_Collected data_
::::::::
(* Let $\mathbb{K}$ be a field and $f=a_0(x)+a_1(x)y+\cdots+a_n(x)y^n\in\mathbb{K}[x,y]$ with $n\geq 2$, $a_0,\ldots,a_n\in\mathbb{K}[x]$, $a_0a_n\neq 0$, such that $f$ has no nonconstant factor in $\mathbb{K}[x]$ and $\deg a_0>\max\{\deg a_1,\ldots,\deg a_n\}$. If $a_0$ is irreducible in $\mathbb{K}[x]$, or if $a_n$ is irreducible in $\mathbb{K}[x]$ and $\deg a_n\geq\deg a_0-\deg q$ with $q\in\mathbb{K}[x]$ an irreducible factor of $a_0$ of smallest degree, then $f$ is irreducible over $\mathbb{K}[x]$.
   Context: $f$ is regarded as a polynomial in $y$ with coefficients in $\mathbb{K}[x]$; irreducibility over $\mathbb{K}[x]$ means irreducibility in $\mathbb{K}[x][y]$. *)

From HB Require Import structures.
From mathcomp Require Import all_boot all_order all_algebra.
Set Implicit Arguments. Unset Strict Implicit. Unset Printing Implicit Defensive.
Import GRing.Theory.
Local Open Scope ring_scope.

Definition irreducible_in (R : idomainType) (p : R) : Prop :=
  p != 0 /\ p \isn't a GRing.unit /\
  forall g h : R, p = g * h -> g \is a GRing.unit \/ h \is a GRing.unit.

From HB Require Import structures.
From mathcomp Require Import all_boot all_order all_algebra.
From mathcomp Require Import zify.
From Stdlib Require Import Classical.
Set Implicit Arguments. Unset Strict Implicit.
Import GRing.Theory.
Local Open Scope ring_scope.

(* Suppose f = g h with g = sum b_i y^i and h = sum c_i y^i of y-degrees
   m, k > 0 (a factor of y-degree 0 is a unit since f is primitive). Viewed
   as a polynomial in x, f has as leading coefficient a polynomial in y; it
   is constant because only a_0 reaches the top x-degree. It is also the
   product of the leading x-coefficients of g and h, so these are constant
   too: deg b_0 > deg b_i and deg c_0 > deg c_i for i > 0. In particular b_0
   and c_0 are nonconstant, which is impossible if a_0 = b_0 c_0 is
   irreducible. If a_n = b_m c_k is irreducible, say c_k is constant; then
   deg q <= deg c_0 and deg a_n = deg b_m < deg b_0 = deg a_0 - deg c_0
   <= deg a_0 - deg q. *)

Section CoefDominance.
Variable R : idomainType.
Implicit Types p g h : {poly {poly R}}.

Definition coef0_dominant p := forall i, (0 < i)%N -> (size (p`_i)%R < size (p`_0)%R)%N.

Lemma leq_size_coef_eq0 (u : {poly R}) n :
  (size u <= n.+1)%N -> u`_n = 0 -> (size u <= n)%N.
Proof.
move=> size_u un0; apply/leq_sizeP => j; rewrite leq_eqVlt => /orP[/eqP <- //|n_lt_j].
by rewrite nth_default // (leq_trans size_u).
Qed.

Lemma coef0_dominantP p :
  p != 0 -> coef0_dominant p <-> size (lead_coef (swapXY p)) = 1%N.
Proof.
move=> p_neq0; set s := size (swapXY p).
have s_gt0 : (0 < s)%N by rewrite size_poly_gt0 swapXY_eq0.
have coef_lead i : (lead_coef (swapXY p))`_i = p`_i`_s.-1 by rewrite coef_swapXY.
have size_coef i : (size (p`_i)%R <= s.-1.+1)%N by rewrite prednK // /s -sizeYE max_size_coefXY.
have lead_neq0 : lead_coef (swapXY p) != 0 by rewrite lead_coef_eq0 swapXY_eq0.
split=> [p_dom | lead1 i i_gt0].
  apply/eqP; rewrite eqn_leq size_poly_gt0 lead_neq0 andbT.
  apply/leq_sizeP => -[//|i] _; rewrite coef_lead nth_default //.
  by rewrite -ltnS prednK // (leq_trans (p_dom _ _)) // /s -sizeYE max_size_coefXY.
have /size1_polyC lead_const : (size (lead_coef (swapXY p)) <= 1)%N by rewrite lead1.
have coef0_top : p`_0`_s.-1 != 0.
  by rewrite -coef_lead; apply: contraNneq lead_neq0 => l0; rewrite lead_const l0.
have top_zero : p`_i`_s.-1 = 0.
  by rewrite -coef_lead lead_const coefC; case: i i_gt0.
apply: leq_ltn_trans (leq_size_coef_eq0 (size_coef i) top_zero) _.
by rewrite ltnNge; apply: contra coef0_top => size_le; rewrite nth_default.
Qed.

Lemma coef0_dominantMl g h :
  g * h != 0 -> coef0_dominant (g * h) -> coef0_dominant g.
Proof.
rewrite mulf_eq0 negb_or => /andP[g_neq0 h_neq0].
rewrite !coef0_dominantP ?mulf_neq0 // rmorphM lead_coefM => /eqP.
by rewrite size_mul_eq1 => /andP[/eqP].
Qed.

Lemma coef0_dominant_lead p :
  coef0_dominant p -> (1 < size p)%N ->
  (0 < size (lead_coef p) < size (p`_0)%R)%N.
Proof.
move=> p_dom size_p; rewrite size_poly_gt0 lead_coef_eq0 -size_poly_gt0 ltnW //=.
by apply: p_dom; rewrite -ltnS prednK // ltnW.
Qed.

Lemma irredp_mul_size1 (u v : {poly R}) :
  irreducible_poly (u * v) -> (size u == 1%N) || (size v == 1%N).
Proof.
move=> uv_irr; have uv_neq0 := irredp_neq0 uv_irr.
have [u_neq0 v_neq0] : u != 0 /\ v != 0 by apply/andP; rewrite -negb_or -mulf_eq0.
have [//|/uv_irr /(_ (dvdp_mulIl u v)) /eqp_size] := eqVneq (size u) 1%N.
have := size_poly_gt0 u; rewrite size_mul // u_neq0; lia.
Qed.

End CoefDominance.

Section Irreducibility.
Variable K : fieldType.

Lemma irredp_dvd_exists (p : {poly K}) :
  (1 < size p)%N -> exists2 r, irreducible_poly r & r %| p.
Proof.
have [n] := ubnP (size p); elim: n p => // n IHn p /ltnSE size_p p_gt1.
apply: NNPP => no_irr_dvd; apply: (no_irr_dvd); exists p => //.
split=> // q q_neq1 q_dvd; apply: contraT => q_not_p.
have p_neq0 : p != 0 by rewrite -size_poly_gt0 ltnW.
have q_neq0 : q != 0 by apply: contraNneq p_neq0 => q0; rewrite -dvd0p -q0.
have q_lt : (size q < size p)%N.
  by rewrite ltn_neqAle dvdp_size_eqp // q_not_p dvdp_leq.
have q_gt1 : (1 < size q)%N by move: q_neq1 (size_poly_gt0 q); rewrite q_neq0; lia.
have [r r_irr r_dvd] := IHn q (leq_trans q_lt size_p) q_gt1.
by case: no_irr_dvd; exists r => //; apply: dvdp_trans q_dvd.
Qed.

Lemma min_irredp_dvd_size (a p q : {poly K}) :
  (forall r, irreducible_poly r -> r %| a -> (size q <= size r)%N) ->
  p %| a -> (1 < size p)%N -> (size q <= size p)%N.
Proof.
move=> q_min p_dvd p_gt1; have [r r_irr r_dvd] := irredp_dvd_exists p_gt1.
apply: leq_trans (q_min r r_irr (dvdp_trans r_dvd p_dvd)) _.
by rewrite dvdp_leq // -size_poly_gt0 ltnW.
Qed.

Lemma factor_unit_or_size_gt1 (f g h : {poly {poly K}}) :
  (forall (d : {poly K}) (g : {poly {poly K}}), f = d%:P * g -> (size d <= 1)%N) ->
  f != 0 -> f = g * h -> g \is a GRing.unit \/ (1 < size g)%N.
Proof.
move=> f_primitive f_neq0 fE; have [size_g|] := leqP (size g) 1; last by right.
left; have gE := size1_polyC size_g.
have [g_neq0 _] : g != 0 /\ h != 0 by apply/andP; rewrite -negb_or -mulf_eq0 -fE.
have g0_neq0 : g`_0 != 0 by apply: contraNneq g_neq0 => g00; rewrite gE g00.
have size_g0 : (size (g`_0)%R <= 1)%N by apply: (f_primitive _ h); rewrite -gE.
have g00_neq0 : g`_0`_0 != 0.
  by apply: contraNneq g0_neq0 => g000; rewrite (size1_polyC size_g0) g000.
rewrite poly_unitE eqn_leq size_g size_poly_gt0 g_neq0.
by rewrite poly_unitE eqn_leq size_g0 size_poly_gt0 g0_neq0 unitfE.
Qed.

Lemma coef0_dominant_degree_gap (g h : {poly {poly K}}) (q : {poly K}) :
  coef0_dominant g -> coef0_dominant h -> (1 < size g)%N -> (1 < size h)%N ->
  size (lead_coef h) = 1%N ->
  (forall r, irreducible_poly r -> r %| (g * h)`_0 -> (size q <= size r)%N) ->
  ((size (lead_coef (g * h))).-1 < (size ((g * h)`_0)%R).-1 - (size q).-1)%N.
Proof.
move=> g_dom h_dom size_g size_h lead_h1 q_min.
have /andP[lead_g_gt0 lead_g_lt] := coef0_dominant_lead g_dom size_g.
have /andP[_ lead_h_lt] := coef0_dominant_lead h_dom size_h.
have size_q : (size q <= size (h`_0)%R)%N.
  by apply: min_irredp_dvd_size q_min _ _; rewrite ?coef0M ?dvdp_mull // -lead_h1.
have nz (u : {poly K}) : (0 < size u)%N -> u != 0 by rewrite size_poly_gt0.
have h0_gt1 : (1 < size (h`_0)%R)%N by rewrite -lead_h1.
rewrite coef0M lead_coefM !size_mul ?nz ?lead_h1 //; last 2 first.
- exact: leq_ltn_trans lead_g_lt.
- exact: ltnW.
move: lead_g_gt0 lead_g_lt h0_gt1 size_q.
(* [lia] would see the differently elaborated occurrences of these sizes as distinct atoms. *)
move: (size (lead_coef g)) (size (g`_0)%R) (size (h`_0)%R) => lg b0 c0.
lia.
Qed.

End Irreducibility.

Theorem corollary3 (K : fieldType) (f : {poly {poly K}}) :
  (2 <= (size f).-1)%N ->
  f`_0 * lead_coef f != 0 ->
  (forall (d : {poly K}) (g : {poly {poly K}}), f = d%:P * g -> (size d <= 1)%N) ->
  (forall i : nat, (0 < i <= (size f).-1)%N -> (size (f`_i)%R < size (f`_0)%R)%N) ->
  (irreducible_poly f`_0 \/
   (irreducible_poly (lead_coef f) /\
    exists q : {poly K},
      [/\ irreducible_poly q, q %| f`_0,
          (forall r : {poly K}, irreducible_poly r -> r %| f`_0 -> (size q <= size r)%N)
        & ((size (f`_0)%R).-1 - (size q).-1 <= (size (lead_coef f)).-1)%N])) ->
  irreducible_in f.
Proof.
move=> n_ge2 a0an_neq0 f_primitive deg_a0 coef_irr.
have [a0_neq0 an_neq0] : f`_0 != 0 /\ lead_coef f != 0.
  by apply/andP; rewrite -negb_or -mulf_eq0.
have f_neq0 : f != 0 by rewrite -lead_coef_eq0.
have f_dom : coef0_dominant f.
  move=> i i_gt0; have [i_le|i_gt] := leqP i (size f).-1; first by rewrite deg_a0 ?i_gt0.
  by rewrite nth_default ?size_poly0 ?size_poly_gt0 //; move: i_gt; case: (size f).
split=> //; split=> [|g h fE].
  by rewrite poly_unitE; apply/nandP; left; apply: contraTN n_ge2 => /eqP ->.
have [|g_gt1] := factor_unit_or_size_gt1 f_primitive f_neq0 fE; first by left.
have [|h_gt1] := factor_unit_or_size_gt1 f_primitive f_neq0 (etrans fE (mulrC g h)); first by right.
have gh_neq0 : g * h != 0 by rewrite -fE.
have g_dom : coef0_dominant g by apply: coef0_dominantMl gh_neq0 _; rewrite -fE.
have h_dom : coef0_dominant h by apply: (@coef0_dominantMl _ h g); rewrite mulrC -fE.
have /andP[lead_g_gt0 lead_g_lt] := coef0_dominant_lead g_dom g_gt1.
have /andP[lead_h_gt0 lead_h_lt] := coef0_dominant_lead h_dom h_gt1.
case: coef_irr => [|[an_irr [q [_ _ q_min]]]].
  rewrite fE coef0M => /irredp_mul_size1 /orP[] /eqP size1.
    by move: (leq_ltn_trans lead_g_gt0 lead_g_lt); rewrite size1.
  by move: (leq_ltn_trans lead_h_gt0 lead_h_lt); rewrite size1.
rewrite fE in an_irr q_min *; rewrite leqNgt => /negP deg_an; exfalso; apply: deg_an.
rewrite lead_coefM in an_irr; case/orP: (irredp_mul_size1 an_irr) => /eqP lead1.
  by rewrite [g * h]mulrC; apply: coef0_dominant_degree_gap => //; rewrite mulrC.
exact: coef0_dominant_degree_gap.
Qed.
::::::::
_WHAT NEEDS TO BE DONE_
Every line in the data above that contains the word "coefficients" should be copied.

_EXPECTED OUTPUT_
   Context: $f$ is regarded as a polynomial in $y$ with coefficients in $\mathbb{K}[x]$; irreducibility over $\mathbb{K}[x]$ means irreducibility in $\mathbb{K}[x][y]$. *)
   product of the leading x-coefficients of g and h, so these are constant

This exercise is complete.